Greeting folks, Exactly one year ago today, I wrote this, my first thread, here on EC: What a difference just 365 days make! Early that morning, I couldn't sleep, the thoughts just kept washing over me, about relationships, about my failures and the future. And then it just came to me: I am gay, and I just felt it throughout my body, with absolute clarity, that this is what I am, and will be, for the foreseeable future. One year later, one complete circuit around the sun, here I am. The "several major changes" have taken place, the divorce process is now in its endgame, I have become involved in the gay community as if I have always been part of it. It fits, it works for me, it makes sense and I am alive to myself as never before! In this past year, I can honestly say that my most enduring love has been the experience I have shared with you here on EC. Every day I think of you all. Every day I discover one more thing I want to share with you. I think about your troubles as if they were my own. I also share your joys and I hope that I have given you comfort when things were less than good. I feel a responsibility for all of you that I have only kept for my kids in my former life. Love is indeed infinite and I do indeed love you all. I have responded to so many of you and, hopefully, helped a few to navigate the minefields of coming out and relationships. I have read your beautiful and sometimes heartbreaking stories and have been incredibly moved by them, but most of all, I have learned that I am not alone, that my experience, humbly, is shared with all of you, my brothers and my sisters in the LGBT community. Thanks to EC, my voice is out there for all of you. I am now exploring new relationships, I have and continue to be involved, both sexually and romantically with some very special men. I have made more new friends in the past year, both here on EC and "out-there", than I have made since I was 20. I am no longer the person who wrote that first thread, I am better now, it does get better!
Hard to believe it's been a whole year....but probably hard to believe it's been ONLY a year, too. We're all very happy that you took that first step. Happy anniversary!!! (&&&)
One year and over 3800 posts! That's impressive!!! I'm glad you found us here, and that you find it so rewarding to participate here. I certainly did as well when I first joined 6 or so years ago - and I continue to find it a rewarding part of my life. Congratulations on your one year. Keep coming back.

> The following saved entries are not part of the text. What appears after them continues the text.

(* Let $H$ be a fixed connected graph with $k=|V(H)|>1$. Let $G$ be an online graph with vertices $v_1,\dots,v_n$ (in order of appearance) and let $b_1,\dots,b_n\in\{0,1\}$ be advice bits with $b_t$ assigned to $v_t$. Suppose every induced copy of $H$ in $G$ contains at least one vertex $v_t$ with $b_t=1$. Then there is an online graph $G'$ with vertices $v_1,\dots,v_n,v_{n+1},\dots,v_{n'}$ such that $G'_n=G$ (the first $n$ revealed vertices of $G'$ induce exactly $G$), and the advice sequence $b'$ defined by $b'_t=b_t$ for $t\le n$ and $b'_t=0$ for $t>n$ is correct for $G'$ and is the only correct advice for $G'$; that is, the set $\{v_t: b_t=1\}$ is the unique minimum-size set $S\subseteq V(G')$ such that $G'-S$ is $H$-free.
   Context: All graphs are finite, simple and undirected. An induced copy of $H$ in $G$ is an induced subgraph isomorphic to $H$; $G$ is $H$-free if it has none. For $S\subseteq V(G)$, $G-S=G[V(G)\setminus S]$. An online graph has its vertices revealed one at a time, with $G_t$ denoting the subgraph induced by the first $t$ revealed vertices. Advice (predictions) assigns one bit to each vertex; it is correct for a graph if the set of vertices with bit $1$ is a minimum-size set $S$ with $G-S$ $H$-free. *)

From mathcomp Require Import all_boot.
Set Implicit Arguments. Unset Strict Implicit. Unset Printing Implicit Defensive.

Definition simple_graph (V : finType) (e : rel V) : Prop :=
  symmetric e /\ irreflexive e.

Definition connected_graph (V : finType) (e : rel V) : Prop :=
  forall x y : V, connect e x y.

Definition induced_copy (VH VG : finType) (eH : rel VH) (eG : rel VG)
  (f : VH -> VG) : Prop :=
  injective f /\ forall x y : VH, eG (f x) (f y) = eH x y.

(* G - S is H-free: every induced copy of H in G meets S
   (an induced copy of H in G - S is exactly an induced copy of H in G
    avoiding S). *)
Definition minus_H_free (VH VG : finType) (eH : rel VH) (eG : rel VG)
  (S : {set VG}) : Prop :=
  forall f : VH -> VG, induced_copy eH eG f -> exists x : VH, f x \in S.

(* S is a minimum-size set whose removal makes G H-free, i.e. the advice
   with 1-set S is correct for G. *)
Definition min_H_deletion (VH VG : finType) (eH : rel VH) (eG : rel VG)
  (S : {set VG}) : Prop :=
  minus_H_free eH eG S /\
  forall T : {set VG}, minus_H_free eH eG T -> #|S| <= #|T|.

From mathcomp Require Import all_boot.
Set Implicit Arguments. Unset Strict Implicit. Unset Printing Implicit Defensive.

(* Glue to every advised vertex t more than |V(G)| copies of H, each sharing
   only the vertex t with G and with the others. The advised set S still meets
   every induced copy of H: a copy that uses a pendant vertex but avoids its
   anchor t would, H being connected, lie inside one pendant copy of H minus a
   vertex, which is too small. Conversely a deletion set T missing some t in S
   must hit each of the pendant copies at t in a different vertex, so |T| is
   larger than |S|; hence every minimum deletion set contains S and equals it. *)

Lemma connect_ind (T : finType) (e : rel T) (P : T -> Prop) x y :
  P x -> (forall z z', e z z' -> P z -> P z') -> connect e x y -> P y.
Proof.
move=> Px step /connectP [p pth ->].
elim: p x pth Px => [|z p IH] x //= /andP [exz pth] Px.
exact: IH pth (step _ _ exz Px).
Qed.

Lemma connected_exists_adj (VH : finType) (eH : rel VH) :
  connected_graph eH -> 1 < #|VH| -> forall x, exists y, eH x y.
Proof.
move=> Hconn Hk x.
have [y neq_yx] : exists y, y != x.
  case: (pickP (fun y => y != x)) => [y Hy|all_x]; first by exists y.
  suff : #|VH| <= 1 by rewrite leqNgt Hk.
  rewrite -(card1 x); apply/subset_leq_card/subsetP => y _.
  by rewrite inE; move/negbFE: (all_x y).
case: (pickP (eH x)) => [z Hz|no_adj]; first by exists z.
case/eqP: neq_yx; apply: (@connect_ind _ _ (eq^~ x) x y erefl _ (Hconn x y)).
by move=> z z' ezz' Ezx; rewrite Ezx no_adj in ezz'.
Qed.

Lemma simple_graph_relpre (V W : finType) (f : W -> V) (e : rel V) :
  simple_graph e -> simple_graph (relpre f e).
Proof. by move=> [sym irr]; split=> [x y|x] /=; [exact: sym | exact: irr]. Qed.

Section Sunflower.
Variables (VH V : finType) (eH : rel VH) (e : rel V).

Definition unique_min_H_deletion (S : {set V}) : Prop :=
  min_H_deletion eH e S /\ forall T, min_H_deletion eH e T -> T = S.

Definition sunflower (v : V) (m : nat) (g : 'I_m -> VH -> V) : Prop :=
  (forall j, induced_copy eH e (g j)) /\
  (forall j j' x x', g j x = g j' x' -> g j x != v -> j = j').

Lemma sunflower_card_hitting v m (g : 'I_m -> VH -> V) T :
  sunflower v g -> minus_H_free eH e T -> v \notin T -> m <= #|T|.
Proof.
move=> [gcopy gdisj] Tfree vNT.
have hit j : exists x, g j x \in T := Tfree _ (gcopy j).
pose h j := if [pick x | g j x \in T] is Some x then g j x else v.
have hE j : exists2 x, h j = g j x & g j x \in T.
  rewrite /h; case: pickP => [x Tx|none]; first by exists x.
  by have [x Tx] := hit j; move: (none x); rewrite Tx.
have h_inj : injective h.
  move=> j j' hjj'; have [x Ex Tx] := hE j; have [x' Ex' _] := hE j'.
  apply: (gdisj j j' x x'); first by rewrite -Ex -Ex'.
  by apply: contraNneq vNT => <-.
rewrite -[m]card_ord -cardsT -(card_imset _ h_inj).
apply/subset_leq_card/subsetP => _ /imsetP [j _ ->].
by have [x -> Tx] := hE j.
Qed.

Lemma sunflowers_unique_min_H_deletion S m :
  minus_H_free eH e S -> #|S| < m ->
  (forall v, v \in S -> exists g, @sunflower v m g) ->
  unique_min_H_deletion S.
Proof.
move=> Sfree ltSm petals.
have sub_or_large T : minus_H_free eH e T -> S \subset T \/ m <= #|T|.
  move=> Tfree; case: (boolP (S \subset T)) => [|/subsetPn [v vS vNT]]; first by left.
  by right; have [g gv] := petals v vS; exact: sunflower_card_hitting gv Tfree vNT.
have Smin : min_H_deletion eH e S.
  split=> // T /sub_or_large [/subset_leq_card //|leT].
  exact: leq_trans (ltnW ltSm) leT.
split=> // T [Tfree Tmin]; have leST := Tmin S Sfree.
case: (sub_or_large T Tfree) => [subST|leT].
  by apply/eqP; rewrite eq_sym eqEcard subST leST.
by have := leq_trans leT leST; rewrite leqNgt ltSm.
Qed.

End Sunflower.

Section Relabel.
Variables (VH V W : finType) (eH : rel VH) (e : rel V).
Variables (phi : W -> V) (psi : V -> W).
Hypotheses (phiK : cancel phi psi) (psiK : cancel psi phi).

Lemma induced_copy_comp_phi f :
  induced_copy eH (relpre phi e) f -> induced_copy eH e (phi \o f).
Proof. by move=> [f_inj adj]; split=> // x y /(can_inj phiK) /f_inj. Qed.

Lemma induced_copy_comp_psi g :
  induced_copy eH e g -> induced_copy eH (relpre phi e) (psi \o g).
Proof.
move=> [g_inj adj]; split=> [x y /(can_inj psiK) /g_inj //|x y /=].
by rewrite !psiK.
Qed.

Lemma minus_H_free_relabel (T : {set V}) :
  minus_H_free eH (relpre phi e) (psi @: T) <-> minus_H_free eH e T.
Proof.
split=> Tfree f fcopy.
  have [x] := Tfree _ (induced_copy_comp_psi fcopy).
  by rewrite /= (mem_imset _ _ (can_inj psiK)); exists x.
have [x Tx] := Tfree _ (induced_copy_comp_phi fcopy).
by exists x; rewrite -[f x]phiK imset_f.
Qed.

Lemma imset_relabelK (T : {set W}) : psi @: (phi @: T) = T.
Proof. by rewrite -imset_comp (eq_imset _ phiK) imset_id. Qed.

Lemma min_H_deletion_relabel (S : {set V}) :
  min_H_deletion eH (relpre phi e) (psi @: S) <-> min_H_deletion eH e S.
Proof.
have card_psi (T : {set V}) : #|psi @: T| = #|T| := card_imset _ (can_inj psiK).
split=> -[Sfree Smin]; split.
- exact/minus_H_free_relabel.
- by move=> T /minus_H_free_relabel Tfree; rewrite -!card_psi; apply: Smin.
- exact/minus_H_free_relabel.
- move=> T; rewrite -(imset_relabelK T) => /minus_H_free_relabel Tfree.
  by rewrite !card_psi; apply: Smin.
Qed.

Lemma unique_min_H_deletion_relabel (S : {set V}) :
  unique_min_H_deletion eH e S ->
  unique_min_H_deletion eH (relpre phi e) (psi @: S).
Proof.
move=> [Smin Suniq]; split; first exact/min_H_deletion_relabel.
by move=> T; rewrite -(imset_relabelK T) => /min_H_deletion_relabel /Suniq ->.
Qed.

End Relabel.

Section PendantCopies.
Variables (VH V : finType) (eH : rel VH) (e : rel V) (b : V -> bool).
Variables (h0 : VH) (m : nat).
Hypotheses (Hsimple : simple_graph eH) (Hconn : connected_graph eH).
Hypothesis (Hk : 1 < #|VH|).

(* [inr (t, j, h)] is the vertex [h] of the [j]-th copy of [H] glued to [t],
   whose vertex [h0] is identified with [inl t]; vertices [inr (t, j, h0)] and
   those with [~~ b t] are left isolated. *)
Definition pendant_rel : rel (V + V * 'I_m * VH) := fun x y =>
  match x, y with
  | inl u, inl v => e u v
  | inl u, inr (t, _, h) => b t && (u == t) && eH h0 h
  | inr (t, _, h), inl u => b t && (u == t) && eH h0 h
  | inr (t, j, h), inr (t', j', h') =>
      [&& b t, t == t', j == j', h != h0, h' != h0 & eH h h']
  end.

Definition pendant_set : {set V + V * 'I_m * VH} := [set inl t | t in [set t | b t]].

Lemma pendant_rel_simple : simple_graph e -> simple_graph pendant_rel.
Proof.
move: Hsimple => [symH irrH] [symG irrG]; split.
  move=> [u|[[t j] h]] [u'|[[t' j'] h']] //=.
  rewrite (eq_sym t') (eq_sym j') (symH h').
  case: (t =P t') => [<-|_]; last by rewrite !andbF.
  by case: (b t); case: (j == j'); case: (h != h0); case: (h' != h0).
by move=> [u|[[t j] h]] /=; [exact: irrG | rewrite irrH !andbF].
Qed.

Lemma pendant_rel_inr t j h y :
  pendant_rel (inr (t, j, h)) y ->
  [/\ b t, h != h0 & y = inl t \/ exists2 h', h' != h0 & y = inr (t, j, h')].
Proof.
case: y => [u|[[t' j'] h']] /=.
  case/andP=> /andP [-> /eqP ->] adj; split; [done | | by left].
  by apply: contraTneq adj => ->; rewrite (proj2 Hsimple).
by case/and5P=> -> /eqP <- /eqP <- -> /andP [h'h0 _]; split=> //; right; exists h'.
Qed.

Lemma pendant_copy_anchor f x t j h :
  induced_copy eH pendant_rel f -> f x = inr (t, j, h) ->
  b t /\ exists z, f z = inl t.
Proof.
move=> [f_inj adj] fx.
have [y exy] := connected_exists_adj Hconn Hk x.
have [bt hh0 _] := @pendant_rel_inr t j h (f y) ltac:(by rewrite -fx adj).
split=> //; case: (pickP (fun z => f z == inl t)) => [z /eqP|avoid]; first by exists z.
have in_petal z : exists2 h', h' != h0 & f z = inr (t, j, h').
  apply: (@connect_ind _ _ (fun z => exists2 h', h' != h0 & f z = inr (t, j, h'))
            x z _ _ (Hconn x z)); first by exists h.
  move=> z1 z2 e12 [h1 _ f1]; have := adj z1 z2; rewrite e12 f1.
  case/pendant_rel_inr=> _ _ [f2|//].
  by move: (avoid z2); rewrite f2 eqxx.
pose pi z := if f z is inr (_, _, h') then h' else h0.
have piE z : f z = inr (t, j, pi z) by rewrite /pi; have [h' _ ->] := in_petal z.
have pi_inj : injective pi by move=> z z' E; apply: f_inj; rewrite !piE E.
have [g _ gK] := injF_bij pi_inj.
have [h' h'h0] := in_petal (g h0).
by rewrite piE gK => -[eq_h0]; rewrite eq_h0 eqxx in h'h0.
Qed.

Lemma pendant_minus_H_free :
  (forall f, induced_copy eH e f -> exists x, b (f x)) ->
  minus_H_free eH pendant_rel pendant_set.
Proof.
move=> cover f fcopy.
case: (pickP (fun x => if f x is inr _ then true else false)) => [x|all_inl].
  case fx: (f x) => [//|[[t j] h]] _.
  have [bt [z fz]] := pendant_copy_anchor fcopy fx.
  by exists z; rewrite fz imset_f ?inE.
have [u0 _] : exists u0, f h0 = inl u0.
  by move: (all_inl h0); case: (f h0) => // u0 _; exists u0.
pose f' x := if f x is inl u then u else u0.
have f'E x : f x = inl (f' x) by rewrite /f'; move: (all_inl x); case: (f x).
have [x bx] : exists x, b (f' x).
  apply: cover; move: fcopy => [f_inj adj].
  split=> [y z E|y z]; first by apply: f_inj; rewrite !f'E E.
  by rewrite -adj !f'E.
by exists x; rewrite f'E imset_f ?inE.
Qed.

Definition pendant_petal t (j : 'I_m) (x : VH) : V + V * 'I_m * VH :=
  if x == h0 then inl t else inr (t, j, x).

Lemma pendant_petal_sunflower t :
  irreflexive e -> b t -> sunflower eH pendant_rel (inl t) (pendant_petal t).
Proof.
move: Hsimple => [symH irrH] irrG bt; split=> [j|j j' x x'].
  split=> [x y|x y]; rewrite /pendant_petal.
    by case: (eqVneq x h0) => [->|_]; case: (eqVneq y h0) => [->|_] // [].
  case: (eqVneq x h0) => [->|xh0]; case: (eqVneq y h0) => [->|yh0] /=.
  - by rewrite irrG irrH.
  - by rewrite bt eqxx.
  - by rewrite bt eqxx symH.
  - by rewrite bt !eqxx xh0 yh0.
rewrite /pendant_petal; case: ifP => _; first by rewrite eqxx.
by case: ifP => _ // [->].
Qed.

Lemma pendant_unique_min_H_deletion :
  simple_graph e -> #|V| < m ->
  (forall f, induced_copy eH e f -> exists x, b (f x)) ->
  unique_min_H_deletion eH pendant_rel pendant_set.
Proof.
move=> [_ irrG] ltVm cover.
apply: (sunflowers_unique_min_H_deletion (pendant_minus_H_free cover)).
  exact: leq_ltn_trans (leq_imset_card _ _) (leq_ltn_trans (max_card _) ltVm).
move=> v /imsetP [t]; rewrite inE => bt ->.
by exists (pendant_petal t); exact: pendant_petal_sunflower.
Qed.

End PendantCopies.

Section OrdSum.
Variables (n : nat) (U : finType).

Definition ord_sum_of (x : 'I_(n + #|U|)) : 'I_n + U :=
  match split x with inl i => inl i | inr k => inr (enum_val k) end.

Definition ord_of_sum (w : 'I_n + U) : 'I_(n + #|U|) :=
  unsplit (match w with inl i => inl i | inr u => inr (enum_rank u) end).

Lemma ord_sum_ofK : cancel ord_sum_of ord_of_sum.
Proof.
move=> x; apply: val_inj; rewrite /ord_sum_of /ord_of_sum.
by case: splitP => [i|k] /= ->; rewrite ?enum_valK.
Qed.

Lemma ord_of_sumK : cancel ord_of_sum ord_sum_of.
Proof. by move=> [i|u]; rewrite /ord_sum_of /ord_of_sum unsplitK ?enum_rankK. Qed.

Lemma ord_of_sum_inl (hn : n <= n + #|U|) i : ord_of_sum (inl i) = widen_ord hn i.
Proof. exact: val_inj. Qed.

End OrdSum.

(* Online graphs: vertex v_{t+1} is the ordinal t, so an online graph with
   n vertices is an edge relation on 'I_n, and G'_n is the restriction of
   G' to the first n ordinals. *)
Theorem mainTheorem6 (VH : finType) (eH : rel VH)
  (Hsimple : simple_graph eH) (Hconn : connected_graph eH)
  (Hk : 1 < #|VH|)
  (n : nat) (eG : rel 'I_n) (Gsimple : simple_graph eG)
  (b : 'I_n -> bool)
  (Hcover : forall f : VH -> 'I_n, induced_copy eH eG f ->
              exists x : VH, b (f x)) :
  exists (n' : nat) (hn : n <= n') (eG' : rel 'I_n'),
    [/\ simple_graph eG',
        (forall i j : 'I_n, eG' (widen_ord hn i) (widen_ord hn j) = eG i j),
        min_H_deletion eH eG' [set widen_ord hn t | t in [set t | b t]]
      & forall S : {set 'I_n'}, min_H_deletion eH eG' S ->
          S = [set widen_ord hn t | t in [set t | b t]]].
Proof.
have [h0 _] : exists h0 : VH, h0 \in VH by apply/card_gt0P; exact: ltnW.
pose U : finType := ('I_n * 'I_n.+1 * VH)%type.
pose E := pendant_rel (m := n.+1) eH eG b h0.
have hn : n <= n + #|U| := leq_addr _ _.
have relabel_inl t : ord_of_sum (U := U) (inl t) = widen_ord hn t := ord_of_sum_inl hn t.
have ltVm : #|'I_n| < n.+1 by rewrite card_ord.
have [Bmin Buniq] := unique_min_H_deletion_relabel (@ord_sum_ofK n U) (@ord_of_sumK n U)
  (pendant_unique_min_H_deletion h0 Hsimple Hconn Hk Gsimple ltVm Hcover).
rewrite /pendant_set -imset_comp (eq_imset _ relabel_inl) in Bmin Buniq.
exists (n + #|U|), hn, (relpre (@ord_sum_of n U) E); split=> //.
- exact/simple_graph_relpre/pendant_rel_simple.
- by move=> i j; rewrite /= -!relabel_inl !ord_of_sumK.
Qed.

Congrads, and you are right, what a difference a year can make. You have gone through a laundry list of changes in that amount of time, and I'm sure it's been an emotional journey as well (a lot of ups, as well as downs). Sometimes its really hard to see... and get to "the other side", but you've done an amazing job. I'm sure with the ending phase of the divorce, there will be a few more "downs", but hang in there! There are a lot of people on here that can relate to what you've gone through (still going through) and it's always good to know you are not alone. Hoping you continue to find happiness and meaning in your life. Nobody ever said it was going to be easy, but it's worth the effort!